- Specialty: Dermatology
- Symptoms: persistent dark red to dark purple hemorrhagic skin patches or plaques
- Causes: vessel wall damage (vasculitis/depositional disease/angioinvasion by organism) or vessel lumen occlusion (thrombotic or embolic disease)
- Treatment: Underlying cause and would care including circulatory support

= Retiform purpura =

Retiform purpura is the result of total vascular blockage and damage to the skin's blood vessels. The skin then shows lesions, appearing due to intravascular issues where clots, proteins, or emboli block skin vessels. They can also result from direct harm to the vessel walls, as seen in conditions like vasculitis, calciphylaxis, and certain severe opportunistic infections.

== Pathophysiology ==
Retiform purpura is a cutaneous morphology characterized by a branching (reticular), non-blanching (purpuric) patch, plaque, or lesion that develops when blood vessels supplying the skin become obstructed. This blockage leads to downstream cutaneous ischemia, or insufficient blood supply to the skin, causing purpura, necrosis, and potentially ulceration. The obstruction in the dermal and subcutaneous vasculature results in hemorrhage secondary to skin ischemia, which can further lead to skin necrosis and ulceration. This morphology can occur in a variety of disorders.

== Signs and symptoms ==
Retiform purpura can present as non-raised large patches of purpura, with angulated or net-like border. They can present as painful dark red or purple patches or plaques with bordering branching and central purpura, necrosis, and/or ulceration. They can vary in size from small (1–2 cm) to large (>10 cm), and may be single or multiple, localized or disseminated. The branching may only be seen at the edge of one or two lesions but is still the clue to this diagnosis and a potentially serious underlying condition. Inflammatory retiform purpura consists of redness around the lesion with associated central necrosis caused by vasculitic or infectious processes. Noninflammatory retiform purpura refers to lesions with central necrosis with surrounding redness caused by the occlusive process. There can be significant overlap between these two classifications. Pain within lesions is common and may be severe.

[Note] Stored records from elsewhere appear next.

Lemma supports_chain (F : ((X -> R) -> Prop) -> Prop) :
  (forall A, F A -> supports (fun e => E e /\ ~ A e)) ->
  classical_sets.total_on F classical_sets.subset ->
  supports (fun e => E e /\ ~ (exists2 A, F A & A e)).
Proof.
  intros HF Htot.
  (* add the empty set to the chain, so that it is nonempty *)
  set (G := fun A : (X -> R) -> Prop => F A \/ forall e, ~ A e).
  assert (HG : forall A, G A -> wstar_closure (conv_hull (fun e => E e /\ ~ A e)) k).
  { intros A [HA|Hempty]; [apply HF, HA|].
    apply (closure_mono X (conv_hull E)); [|exact k_in_hull].
    intros g. apply conv_hull_mono. intros e He; split; auto. }
  split; [|split].
  - intros f Hf. split.
    + apply E_closed. eapply closure_mono; [|exact Hf]. intros g [Hg _]; exact Hg.
    + intros [A HA HAf]. assert (Hcl : wstar_closed (fun e => E e /\ ~ A e)) by apply HF, HA.
      apply (Hcl f); [|exact HAf]. eapply closure_mono; [|exact Hf].
      intros g [Hg Hng]. split; auto. intros HAg. apply Hng. exists A; auto.
  - tauto.
  - split; [exact (proj1 k_in_hull)|]. intros n xs eps Heps.
    destruct (chain_near G) with (d := eps / 2) (n := n) (xs := xs) as [A [HA Hnear]].
    + exists (fun _ => False). right; auto.
    + intros A [HA|Hempty]; [apply HF, HA|].
      intros f Hf. split; [|apply Hempty]. apply E_closed.
      eapply closure_mono; [|exact Hf]. intros g [Hg _]; exact Hg.
    + intros A1 A2 [H1|H1] [H2|H2].
      * apply Htot; auto.
      * right. intros e He. exfalso; eapply H2, He.
      * left. intros e He. exfalso; eapply H1, He.
      * left. intros e He. exfalso; eapply H1, He.
    + lra.
    + destruct (hull_closure_transfer _ (fun e => E e /\ ~ (exists2 A, F A & A e)) k n xs (eps / 2)
                  ltac:(lra) (HG A HA)) as [g [Hg Hgk]].
      { intros e [He HAe]. destruct (Hnear e He HAe) as [c [[Hc HGc] Hce]].
        exists c. split; auto. split; auto. intros [A' HA' HA'c]. apply (HGc A'); auto. left; auto. }
      exists g. split; auto. intros j Hj. specialize (Hgk j Hj). lra.
Qed.

Lemma minimal_support :
  exists E', supports E' /\ forall C, supports C -> (forall e, C e -> E' e) -> forall e, E' e -> C e.
Proof.
  destruct (@classical_sets.Zorn_bigcup (X -> R) (fun A : (X -> R) -> Prop => supports (fun e => E e /\ ~ A e)))
    as [A [HA Hmax]].
  { intros F HF Htot. apply supports_chain; auto. }
  exists (fun e => E e /\ ~ A e). split; auto. intros C HC HCA.
  set (B := fun e => ~ C e).
  assert (HCB : (fun e => E e /\ ~ B e) = C).
  { apply functional_extensionality; intro e. apply propositional_extensionality.
    unfold B. split; [intros [_ H]; apply NNPP, H|]. intros H; split; [apply HC, H|tauto]. }
  assert (HAB : forall e, A e -> B e) by (intros e HAe HCe; apply (HCA e HCe); auto).
  intros e [HEe HAe]. apply NNPP; intro HCe.
  apply (Hmax B); [split; [exact HAB|]|rewrite HCB; exact HC].
  intros HBA. apply HAe, HBA, HCe.
Qed.

End MinimalSupport.

Definition wstar_open {X : Banach} (O : (X -> R) -> Prop) : Prop :=
  forall f, O f -> exists n xs eps, 0 < eps /\ forall g, near_on n xs eps g f -> O g.

Lemma wstar_open_and {X : Banach} (O : (X -> R) -> Prop) (y : X) (z r : R) :
  wstar_open O -> wstar_open (fun f => O f /\ Rabs (f y - z) < r).
Proof.
  intros HO f [Hf Hfr]. destruct (HO f Hf) as [n [xs [eps [He Hg]]]].
  set (d := r - Rabs (f y - z)).
  exists (S n), (fun j => if Nat.eqb j n then y else xs j), (Rmin eps d). split.
  { apply Rmin_glb_lt; unfold d; lra. }
  intros g Hc. split.
  - apply Hg. intros j Hj. specialize (Hc j ltac:(lia)). cbv beta in Hc.
    destruct (Nat.eqb_spec j n); [lia|]. eapply Rlt_le_trans; [apply Hc|apply Rmin_l].
  - specialize (Hc n ltac:(lia)). cbv beta in Hc. rewrite Nat.eqb_refl in Hc.
    assert (Rabs (g y - f y) < d) by (eapply Rlt_le_trans; [apply Hc|apply Rmin_r]).
    replace (g y - z) with ((g y - f y) + (f y - z)) by ring.
    eapply Rle_lt_trans; [apply Rabs_triang|]. unfold d in *; lra.
Qed.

== Associated disorders ==
There are several vasculopathy disorders that can present with retiform purpura. Some thrombotic and coagulopathic disorders are disseminated intravascular coagulation (DIC), hypercoagulable states (like antiphospholipid antibodies), thrombotic thrombocytopenic purpura (TTP), warfarin-induced skin necrosis, heparin-induced thrombocytopenia, and paroxysmal nocturnal hemoglobinuria. Some intravascular protein deposition diseases causing retiform purpura are cryoglobulinemia (type I), cryofibrinogenemia, and paraproteinemia. Some embolic disorders that may lead to retiform purpura include cholesterol emboli, septic emboli, atrial myxoma, or other manifestations like nonbacterial thrombotic endocarditis (marantic endocarditis, Libman-Sacks endocarditis) and hypereosinophilic syndrome. Some vessel wall pathology resulting in retiform purpura could be vasculitis, septic vasculitis, vasculitis related to autoimmune disease or primary systemic vasculitis, or cryoglobulinemic vasculitis (cryoglobulinemia types 2 and 3).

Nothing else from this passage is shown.